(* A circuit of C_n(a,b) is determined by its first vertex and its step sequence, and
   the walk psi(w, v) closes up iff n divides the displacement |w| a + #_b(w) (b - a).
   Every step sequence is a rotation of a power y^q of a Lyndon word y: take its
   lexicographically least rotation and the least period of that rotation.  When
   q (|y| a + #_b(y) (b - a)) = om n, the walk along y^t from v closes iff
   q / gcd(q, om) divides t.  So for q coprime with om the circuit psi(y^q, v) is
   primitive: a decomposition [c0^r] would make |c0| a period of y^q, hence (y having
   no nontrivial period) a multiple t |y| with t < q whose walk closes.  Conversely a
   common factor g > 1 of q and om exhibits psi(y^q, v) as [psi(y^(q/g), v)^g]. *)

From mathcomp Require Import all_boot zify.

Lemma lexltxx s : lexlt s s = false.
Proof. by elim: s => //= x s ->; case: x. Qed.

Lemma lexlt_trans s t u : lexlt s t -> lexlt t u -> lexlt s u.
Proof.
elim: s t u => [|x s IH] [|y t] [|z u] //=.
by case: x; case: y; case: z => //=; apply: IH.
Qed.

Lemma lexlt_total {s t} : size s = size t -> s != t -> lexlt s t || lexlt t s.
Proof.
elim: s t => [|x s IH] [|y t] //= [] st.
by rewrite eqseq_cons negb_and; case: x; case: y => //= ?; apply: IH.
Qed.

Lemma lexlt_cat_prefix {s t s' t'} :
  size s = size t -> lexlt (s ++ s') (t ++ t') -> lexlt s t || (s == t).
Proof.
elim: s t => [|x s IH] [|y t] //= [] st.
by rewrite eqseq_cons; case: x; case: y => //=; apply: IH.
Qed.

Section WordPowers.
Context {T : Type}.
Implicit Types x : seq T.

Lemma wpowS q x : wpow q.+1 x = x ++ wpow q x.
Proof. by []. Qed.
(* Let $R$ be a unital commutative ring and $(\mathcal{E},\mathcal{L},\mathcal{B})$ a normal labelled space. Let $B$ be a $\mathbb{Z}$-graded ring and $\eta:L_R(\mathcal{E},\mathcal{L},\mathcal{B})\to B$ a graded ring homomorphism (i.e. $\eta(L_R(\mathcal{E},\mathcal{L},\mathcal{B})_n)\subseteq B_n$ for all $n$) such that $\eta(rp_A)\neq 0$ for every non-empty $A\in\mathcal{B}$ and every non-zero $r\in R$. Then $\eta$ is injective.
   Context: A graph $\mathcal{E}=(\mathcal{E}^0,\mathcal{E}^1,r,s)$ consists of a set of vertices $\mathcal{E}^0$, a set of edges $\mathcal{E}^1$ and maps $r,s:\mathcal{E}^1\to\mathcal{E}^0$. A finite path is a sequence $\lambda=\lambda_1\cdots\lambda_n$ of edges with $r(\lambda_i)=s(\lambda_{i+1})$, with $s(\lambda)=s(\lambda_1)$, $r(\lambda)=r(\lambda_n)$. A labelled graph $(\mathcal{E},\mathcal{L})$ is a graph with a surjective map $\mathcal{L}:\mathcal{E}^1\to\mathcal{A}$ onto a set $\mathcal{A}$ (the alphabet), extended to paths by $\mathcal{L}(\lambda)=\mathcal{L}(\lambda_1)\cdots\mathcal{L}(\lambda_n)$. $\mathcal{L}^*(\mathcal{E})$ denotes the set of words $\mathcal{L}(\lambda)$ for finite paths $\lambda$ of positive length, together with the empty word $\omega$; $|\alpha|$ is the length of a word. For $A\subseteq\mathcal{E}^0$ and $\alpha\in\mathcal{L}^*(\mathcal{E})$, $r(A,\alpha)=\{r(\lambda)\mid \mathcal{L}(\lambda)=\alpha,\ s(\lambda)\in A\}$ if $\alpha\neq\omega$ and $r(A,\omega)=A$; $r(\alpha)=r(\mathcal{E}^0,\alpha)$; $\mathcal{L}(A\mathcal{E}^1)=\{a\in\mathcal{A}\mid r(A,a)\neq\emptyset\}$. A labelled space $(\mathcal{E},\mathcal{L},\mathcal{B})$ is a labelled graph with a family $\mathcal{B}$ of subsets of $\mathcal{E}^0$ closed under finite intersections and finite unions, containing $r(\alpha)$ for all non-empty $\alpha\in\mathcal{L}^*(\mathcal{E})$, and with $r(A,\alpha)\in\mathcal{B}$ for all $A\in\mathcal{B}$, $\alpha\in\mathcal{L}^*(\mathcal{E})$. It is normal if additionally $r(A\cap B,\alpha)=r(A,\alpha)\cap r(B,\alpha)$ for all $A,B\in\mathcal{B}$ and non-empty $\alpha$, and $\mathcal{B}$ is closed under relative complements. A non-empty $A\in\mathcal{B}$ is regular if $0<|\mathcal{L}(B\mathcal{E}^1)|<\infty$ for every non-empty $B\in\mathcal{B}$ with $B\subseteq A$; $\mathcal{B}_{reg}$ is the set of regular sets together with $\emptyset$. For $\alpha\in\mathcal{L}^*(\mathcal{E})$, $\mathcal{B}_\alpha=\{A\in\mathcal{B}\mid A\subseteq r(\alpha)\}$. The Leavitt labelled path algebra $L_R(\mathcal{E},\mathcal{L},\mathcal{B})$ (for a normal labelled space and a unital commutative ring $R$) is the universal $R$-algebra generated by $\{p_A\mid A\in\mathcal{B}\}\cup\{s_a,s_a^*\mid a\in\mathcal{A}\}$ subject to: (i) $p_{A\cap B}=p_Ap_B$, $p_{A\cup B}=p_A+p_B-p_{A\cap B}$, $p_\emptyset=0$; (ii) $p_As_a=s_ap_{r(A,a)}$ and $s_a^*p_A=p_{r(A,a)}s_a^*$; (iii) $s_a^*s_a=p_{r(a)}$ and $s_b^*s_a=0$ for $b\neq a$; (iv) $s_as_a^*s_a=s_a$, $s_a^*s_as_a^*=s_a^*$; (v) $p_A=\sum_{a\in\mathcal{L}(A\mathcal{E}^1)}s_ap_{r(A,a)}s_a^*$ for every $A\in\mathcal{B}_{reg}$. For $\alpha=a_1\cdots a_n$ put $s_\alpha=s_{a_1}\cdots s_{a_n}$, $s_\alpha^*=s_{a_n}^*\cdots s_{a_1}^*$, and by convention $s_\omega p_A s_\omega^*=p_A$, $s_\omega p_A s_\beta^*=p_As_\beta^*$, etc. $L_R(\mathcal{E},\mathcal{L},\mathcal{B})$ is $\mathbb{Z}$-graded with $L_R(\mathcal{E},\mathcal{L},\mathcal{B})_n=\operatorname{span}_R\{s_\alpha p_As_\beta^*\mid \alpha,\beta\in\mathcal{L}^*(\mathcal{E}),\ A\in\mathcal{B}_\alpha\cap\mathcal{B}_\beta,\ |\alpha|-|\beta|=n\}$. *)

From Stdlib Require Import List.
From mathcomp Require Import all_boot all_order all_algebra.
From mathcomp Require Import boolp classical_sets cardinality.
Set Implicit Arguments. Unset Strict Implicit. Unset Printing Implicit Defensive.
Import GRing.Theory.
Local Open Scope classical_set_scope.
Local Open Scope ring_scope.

○ ○ ○

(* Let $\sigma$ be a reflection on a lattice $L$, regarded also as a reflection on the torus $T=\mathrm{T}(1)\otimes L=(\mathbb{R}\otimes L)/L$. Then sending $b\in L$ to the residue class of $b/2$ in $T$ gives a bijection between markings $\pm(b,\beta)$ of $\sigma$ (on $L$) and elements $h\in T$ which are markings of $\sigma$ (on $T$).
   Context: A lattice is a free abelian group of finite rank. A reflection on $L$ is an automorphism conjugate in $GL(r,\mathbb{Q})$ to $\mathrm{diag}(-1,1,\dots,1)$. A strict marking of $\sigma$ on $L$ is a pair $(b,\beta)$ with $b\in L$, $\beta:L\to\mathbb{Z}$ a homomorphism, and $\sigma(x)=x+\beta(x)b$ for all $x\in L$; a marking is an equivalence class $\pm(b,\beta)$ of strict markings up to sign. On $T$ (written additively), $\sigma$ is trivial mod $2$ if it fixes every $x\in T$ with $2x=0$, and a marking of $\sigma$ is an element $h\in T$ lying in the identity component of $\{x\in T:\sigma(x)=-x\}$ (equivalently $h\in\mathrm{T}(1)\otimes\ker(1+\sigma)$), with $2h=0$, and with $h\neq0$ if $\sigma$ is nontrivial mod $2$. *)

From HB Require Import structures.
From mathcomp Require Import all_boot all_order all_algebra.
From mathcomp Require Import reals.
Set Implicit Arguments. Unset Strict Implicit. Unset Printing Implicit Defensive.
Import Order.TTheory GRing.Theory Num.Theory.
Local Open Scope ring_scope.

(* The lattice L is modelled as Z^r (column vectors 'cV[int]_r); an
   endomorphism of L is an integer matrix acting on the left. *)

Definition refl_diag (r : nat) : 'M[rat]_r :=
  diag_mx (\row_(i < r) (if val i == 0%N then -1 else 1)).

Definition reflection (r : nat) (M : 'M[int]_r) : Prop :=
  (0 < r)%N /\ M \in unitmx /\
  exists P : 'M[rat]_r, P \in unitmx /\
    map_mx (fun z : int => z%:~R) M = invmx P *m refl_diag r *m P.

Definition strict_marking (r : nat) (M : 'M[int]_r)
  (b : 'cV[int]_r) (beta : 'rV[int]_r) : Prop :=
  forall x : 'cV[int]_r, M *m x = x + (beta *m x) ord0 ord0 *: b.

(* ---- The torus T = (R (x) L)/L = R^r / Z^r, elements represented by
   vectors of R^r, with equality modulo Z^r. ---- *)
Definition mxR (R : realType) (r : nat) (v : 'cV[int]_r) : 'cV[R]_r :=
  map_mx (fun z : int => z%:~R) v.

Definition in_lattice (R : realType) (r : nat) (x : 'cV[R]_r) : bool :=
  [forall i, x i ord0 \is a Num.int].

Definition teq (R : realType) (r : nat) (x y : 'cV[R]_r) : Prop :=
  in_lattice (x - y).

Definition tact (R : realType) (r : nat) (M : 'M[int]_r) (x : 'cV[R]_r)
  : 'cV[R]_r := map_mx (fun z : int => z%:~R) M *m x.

○ ○ ○

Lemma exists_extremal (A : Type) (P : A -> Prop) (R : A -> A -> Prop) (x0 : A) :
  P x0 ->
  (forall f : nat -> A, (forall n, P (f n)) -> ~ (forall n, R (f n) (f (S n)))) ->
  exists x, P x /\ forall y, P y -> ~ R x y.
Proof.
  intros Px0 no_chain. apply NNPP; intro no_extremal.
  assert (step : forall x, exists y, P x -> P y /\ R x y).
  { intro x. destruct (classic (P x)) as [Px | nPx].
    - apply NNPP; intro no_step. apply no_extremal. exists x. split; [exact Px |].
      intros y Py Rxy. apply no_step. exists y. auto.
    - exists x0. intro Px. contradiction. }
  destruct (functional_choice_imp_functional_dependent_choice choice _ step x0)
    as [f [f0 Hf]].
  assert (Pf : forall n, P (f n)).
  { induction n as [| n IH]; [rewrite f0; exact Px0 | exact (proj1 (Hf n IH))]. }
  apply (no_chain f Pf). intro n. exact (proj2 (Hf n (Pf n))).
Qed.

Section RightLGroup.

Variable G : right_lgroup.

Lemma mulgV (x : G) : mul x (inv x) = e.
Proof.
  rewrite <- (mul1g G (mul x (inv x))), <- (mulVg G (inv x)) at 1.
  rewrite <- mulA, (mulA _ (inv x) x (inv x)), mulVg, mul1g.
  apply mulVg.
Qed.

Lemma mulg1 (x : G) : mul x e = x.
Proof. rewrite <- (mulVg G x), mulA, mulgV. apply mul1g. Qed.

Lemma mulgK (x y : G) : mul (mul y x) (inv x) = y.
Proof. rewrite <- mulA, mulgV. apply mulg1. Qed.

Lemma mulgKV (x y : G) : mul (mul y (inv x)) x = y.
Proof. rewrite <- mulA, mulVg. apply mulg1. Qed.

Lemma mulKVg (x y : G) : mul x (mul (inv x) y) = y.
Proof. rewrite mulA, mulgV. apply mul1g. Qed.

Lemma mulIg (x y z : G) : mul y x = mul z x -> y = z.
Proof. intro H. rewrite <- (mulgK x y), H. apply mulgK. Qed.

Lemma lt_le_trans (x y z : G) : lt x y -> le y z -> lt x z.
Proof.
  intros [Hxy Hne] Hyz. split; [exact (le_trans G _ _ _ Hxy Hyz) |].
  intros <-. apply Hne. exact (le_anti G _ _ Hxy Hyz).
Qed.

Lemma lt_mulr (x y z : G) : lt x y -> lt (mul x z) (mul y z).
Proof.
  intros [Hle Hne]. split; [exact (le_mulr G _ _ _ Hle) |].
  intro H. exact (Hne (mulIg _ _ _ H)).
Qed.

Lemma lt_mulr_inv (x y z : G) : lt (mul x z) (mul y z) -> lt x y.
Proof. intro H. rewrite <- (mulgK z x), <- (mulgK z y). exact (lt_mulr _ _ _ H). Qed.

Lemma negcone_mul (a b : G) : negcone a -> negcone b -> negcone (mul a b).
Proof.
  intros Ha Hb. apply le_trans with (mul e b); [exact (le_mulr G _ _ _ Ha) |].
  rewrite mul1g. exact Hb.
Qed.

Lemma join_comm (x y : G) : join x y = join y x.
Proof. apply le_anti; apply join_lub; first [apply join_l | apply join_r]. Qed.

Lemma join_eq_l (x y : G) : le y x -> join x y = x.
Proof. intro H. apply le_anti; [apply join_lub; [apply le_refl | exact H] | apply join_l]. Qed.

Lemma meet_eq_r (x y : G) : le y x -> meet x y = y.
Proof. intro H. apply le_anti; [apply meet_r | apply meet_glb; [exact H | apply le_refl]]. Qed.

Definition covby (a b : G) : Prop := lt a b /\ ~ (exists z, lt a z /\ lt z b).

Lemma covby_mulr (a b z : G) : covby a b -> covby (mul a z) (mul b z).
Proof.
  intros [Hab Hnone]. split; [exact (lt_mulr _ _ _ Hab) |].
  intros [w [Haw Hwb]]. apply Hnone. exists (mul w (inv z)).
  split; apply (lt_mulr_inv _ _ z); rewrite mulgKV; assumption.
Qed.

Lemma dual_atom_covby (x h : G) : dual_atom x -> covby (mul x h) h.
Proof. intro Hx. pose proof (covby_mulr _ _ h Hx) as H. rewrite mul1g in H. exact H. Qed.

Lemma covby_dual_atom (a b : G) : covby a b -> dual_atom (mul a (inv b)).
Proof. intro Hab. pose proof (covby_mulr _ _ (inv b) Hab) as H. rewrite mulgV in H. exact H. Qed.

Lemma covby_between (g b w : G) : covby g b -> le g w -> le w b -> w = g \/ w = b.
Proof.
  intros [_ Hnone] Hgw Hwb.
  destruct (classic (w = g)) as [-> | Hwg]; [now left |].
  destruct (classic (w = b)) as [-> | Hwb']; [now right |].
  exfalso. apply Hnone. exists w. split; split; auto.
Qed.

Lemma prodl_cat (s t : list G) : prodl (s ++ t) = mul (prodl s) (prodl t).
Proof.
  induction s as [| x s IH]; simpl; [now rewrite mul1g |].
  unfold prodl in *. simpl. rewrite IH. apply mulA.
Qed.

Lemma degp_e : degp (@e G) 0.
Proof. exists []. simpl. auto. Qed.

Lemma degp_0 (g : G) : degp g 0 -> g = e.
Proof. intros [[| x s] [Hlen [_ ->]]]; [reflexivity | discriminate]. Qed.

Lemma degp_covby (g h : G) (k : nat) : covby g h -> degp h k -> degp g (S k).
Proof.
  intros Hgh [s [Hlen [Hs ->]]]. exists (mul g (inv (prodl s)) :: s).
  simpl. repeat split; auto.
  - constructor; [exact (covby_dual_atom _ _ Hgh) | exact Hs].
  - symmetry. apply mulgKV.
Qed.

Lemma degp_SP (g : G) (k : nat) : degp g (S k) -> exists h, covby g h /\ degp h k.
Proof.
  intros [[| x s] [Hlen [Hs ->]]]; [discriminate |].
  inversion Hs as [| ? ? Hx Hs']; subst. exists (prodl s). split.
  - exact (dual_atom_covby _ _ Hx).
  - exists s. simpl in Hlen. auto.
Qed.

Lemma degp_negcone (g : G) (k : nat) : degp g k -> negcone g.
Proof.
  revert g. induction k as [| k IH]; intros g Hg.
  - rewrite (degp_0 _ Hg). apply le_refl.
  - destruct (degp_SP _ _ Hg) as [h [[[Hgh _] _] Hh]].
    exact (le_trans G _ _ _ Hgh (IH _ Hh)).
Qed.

○ ○ ○

→ WHAT NEEDS TO BE DONE
Whatever else the listing above holds, retype exactly only the lines from the one containing "intros [Hle Hne]." to the one containing "Proof. intro H. rewrite <- (mulgK z", both ends kept.

→ SOLVED PROBLEM
  intros [Hle Hne]. split; [exact (le_mulr G _ _ _ Hle) |].
  intro H. exact (Hne (mulIg _ _ _ H)).
Qed.

Lemma lt_mulr_inv (x y z : G) : lt (mul x z) (mul y z) -> lt x y.
Proof. intro H. rewrite <- (mulgK z x), <- (mulgK z y). exact (lt_mulr _ _ _ H). Qed.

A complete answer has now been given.